«Градоправитель Москвы князь Петр Михайлович Волконский писал его отцу, что по неисповедимому стечению обязан он завтрашним утром взять под стражу графа Федора Бутурлина по подозрению в избиении будочника на Таганской площади. Но, памятуя многолетнюю свою боевую дружбу с графом Михаилом Алексеевичем, допрежде того его предупреждает, чтобы снаряжал он сына к поспешному бегству. Чего ради приложены подорожные, подписанные задним числом. Саму же записку осторожности для просит сжечь.
Старый граф ни слова не прибавил сыну и, прощаясь с ним надолго, может быть, навсегда, почел нужным передать ему пакет, из содержания которого Федор, когда будет в безопасности, сможет узнать семейную тайну, доселе от него скрываемую, и, сняв с груди медальон с портретом его матери и локоном ее волос, надел его на шею сына, благословил и отпустил подкрепиться перед отъездом».
И хотя в дальнейшем с графом происходят необычайные приключения, все же книга скорее похожа на историческую повесть времен Александра I, когда в Москве «градоправителем» был фельдмаршал князь П. М. Волконский.
Когда были написаны эти книги?
Все эти «допрежде того», «осторожности для», «почел нужным», «доселе», «убиении» характеризуют стиль начала XIX века. Но оказывается, «семейные предания московского ботаника» — это подделка под стиль начала прошлого века, пародирующая исторические повести того времени. Поэтому перед нами пример литературной мистификации.
В этой серии вышла еще одна (пятая) книжка: «Юлия, или Встречи под Новодевичьим. Романтическая повесть, написанная московским ботаником X. Москва, 1928 г. Гравюры по дереву оттиснуты с оригинальных досок А. Кравченко в его мастерской».
Повесть написана в виде дневника, ведущегося автором с 12 апреля 1827 по 18 февраля 1828 года. Рассказ стилизован, что видно хотя бы из следующих отрывков.
Один об игре на бильярде знаменитого игрока Менго: «Менго не только делал все билии, но, играя в черед, всегда офрировал партнеру такие шары, что они либо были накрепко приклеены, либо стояли в труднейшем абриколе».
Другой о цыганском пении: «В первом же кабаке его взяла такая грусть, что неудержимо потянуло к цыганкам, и он начал искать — не поет ли где Стешка? Однако рок преследовал его и на путях искусства… Степанида с дочерью уехали петь в Свиблово… Осталась одна надежда на последнее убежище всех допившихся до белых слонов гусаров — Маньку-Пистон, которая своей разухабистой песней «Разлюбил, так наплевать, у меня в запасе пять» произвела землетрясение на Ваганькове…»

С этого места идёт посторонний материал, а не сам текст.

(* There exist absolute positive constants $c,C$ such that the following holds. Let $W$ be a non-negative integer-valued random variable with $EW=\lambda\in(0,\infty)$, and let $W^s$ be defined on the same probability space as $W$ with the $W$-size biased distribution. Set $\Delta=W+1-W^s$ and assume $\Delta\in\{-1,0,1\}$ almost surely and that there are non-negative constants $\delta_1,\delta_2$ with $$P(\Delta=-1\mid W)\le\delta_1,\qquad P(\Delta=1\mid W)\le \delta_2 W\quad\text{almost surely}.$$ Let $Y\sim\mathrm{Poi}(\lambda)$. Then for every integer $k\ge\lambda$ such that, with $\xi=(k-\lambda)/\sqrt\lambda$, $(\delta_1+\delta_2\lambda)(1+\xi^2)\le c$, we have $$\Big|\frac{P(W\ge k)}{P(Y\ge k)}-1\Big|\le C(\delta_1+\delta_2\lambda)(1+\xi^2).$$
   Context: For a non-negative random variable $W$ with $EW=\lambda>0$, a random variable $W^s$ has the $W$-size biased distribution if $E[Wf(W)]=\lambda E[f(W^s)]$ for all functions $f$ for which the expectations exist. $\mathrm{Poi}(\lambda)$ is the Poisson distribution with mean $\lambda$. *)

From Stdlib Require Import Reals Arith Factorial.
Open Scope R_scope.

Fixpoint psum (f : nat -> R) (k : nat) : R :=
  match k with
  | O => 0
  | S k' => psum f k' + f k'
  end.

Definition poi_pmf (lam : R) (j : nat) : R :=
  exp (- lam) * lam ^ j / INR (fact j).

Definition poi_tail (lam : R) (k : nat) : R :=
  1 - psum (poi_pmf lam) k.

(* For a probability mass function p on nat (total mass 1), P(X >= k). *)
Definition pmf_tail (p : nat -> R) (k : nat) : R :=
  1 - psum p k.
Lemma in_hat_r_inf_map : (forall j, in_hat_r (Phi j)) -> in_hat_r (inf_map Phi).
Proof.
  intro HPhi; split.
  - apply in_check_r_inf_map; intro j; apply (HPhi j).
  - intro la; apply Binf_eqN; auto; intro j; apply (HPhi j).
  - intros la HY lb; unfold inf_map in *; rewrite Binf_eqY in HY.
    rewrite (eq_Binf (fun j => Phi j la (eneg lb)) (fun j => bneg (Phi j la lb))).
    + rewrite Binf_bneg by assumption; apply comp_pair_bneg.
    + intro j; apply comp_pair_eq_bneg, (HPhi j), HY.
  - intros la HBot lb lb' Hm; unfold inf_map in *.
    apply bot_pairI.
    + rewrite Binf_eqY; intro H.
      enough (Binf (fun j => Phi j la eY) = BY) by congruence.
      apply Binf_eqY; intro j; now apply (in_hat_r_Y _ (HPhi j) la lb).
    + rewrite Binf_eqY; intro H.
      enough (Binf (fun j => Phi j la eY) = BY) by congruence.
      apply Binf_eqY; intro j; now apply (in_hat_r_Y _ (HPhi j) la lb').
    + rewrite !Binf_eqN by assumption; intros [H H'].
      enough (Binf (fun j => Phi j la eY) = BN) by congruence.
      apply Binf_eqN; auto; intro j; now apply (in_hat_r_N _ (HPhi j) la lb lb').
Qed.

End InfMap.

Lemma in_hat_inf_map {A B : SEChu} {J : Type} (Phi : J -> bimap A B) :
  inhabited J -> (forall j, in_hat (Phi j)) -> in_hat (inf_map Phi).
Proof.
  intros HJ HPhi; setoid_rewrite in_hat_iff in HPhi; apply in_hat_iff; split; [|split].
  - apply in_hat_r_inf_map; auto; intro j; now destruct (HPhi j).
  - apply (in_hat_r_inf_map (fun j => bimap_swap (Phi j))); auto; intro j; now destruct (HPhi j).
  - apply Binf_eqY; intro j; now destruct (HPhi j).
Qed.

Lemma in_tilde_swap {A B : SEChu} (Phi : bimap A B) : in_tilde Phi -> in_tilde (bimap_swap Phi).
Proof.
  intros (I & sA & sB & HI & HPhi); exists I, sB, sA; split; auto.
  intros lb la; unfold bimap_swap; rewrite HPhi; apply eq_Binf; intro i; apply bprod_comm.
Qed.

Section Tilde.

Context {A B : SEChu} {I : Type} (sA : I -> state A) (sB : I -> state B) (HI : inhabited I).
Context (Phi : bimap A B)
  (HPhi : forall la lb, Phi la lb = Binf (fun i => bprod (eps la (sA i)) (eps lb (sB i)))).

Lemma tilde_eY la : Phi la eY = Binf (fun i => eps la (sA i)).
Proof. rewrite HPhi; apply eq_Binf; intro i; now rewrite eps_Y, bprod_Yr. Qed.

Lemma tilde_in_check_r : in_check_r Phi.
Proof.
  split.
  - intros K f l HK Hl la; rewrite HPhi.
    transitivity (Binf (fun i => Binf (fun k => bprod (eps la (sA i)) (eps (f k) (sB i))))).
    + apply eq_Binf; intro i; now rewrite Hl, bprod_Binf_r.
    + rewrite exchange_Binf by assumption; apply eq_Binf; intro k; now rewrite HPhi.
  - intro lb; rewrite !HPhi, <- Binf_bneg by assumption.
    apply eq_Binf; intro i; now rewrite eps_neg, eps_Y, !bprod_Yl.
Qed.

Целью написания этой занятной квинтологии, по-видимому, было стремление ввести читателей в бытовую обстановку старой Москвы с будочниками, злачными местами, с ее глухими улицами, досконально сохранив подлинный стиль и язык того времени. Кто же был их автором? Разгадку находим в словаре псевдонимов И. Ф. Масанова (М., 1960, т. IV, стр. 510), где указано, что псевдоним «ботаник X.» принадлежит писателю, экономисту Александру Васильевичу Чаянову. Под именем «фитопатолога Y.» скрывался, как мы уже могли догадаться, художник А. Кравченко.
Поэты, которых не было
Как это ни кажется странным с первого взгляда, но такие поэты известны в литературе.
«Стихотворения Раули» — это мистификация английского поэта Томаса Чаттертона. В действительности никакого Раули не существовало. Взяв псевдоним, Чаттертон создал стилизованную подделку под стиль XV века, то есть применил мистификацию.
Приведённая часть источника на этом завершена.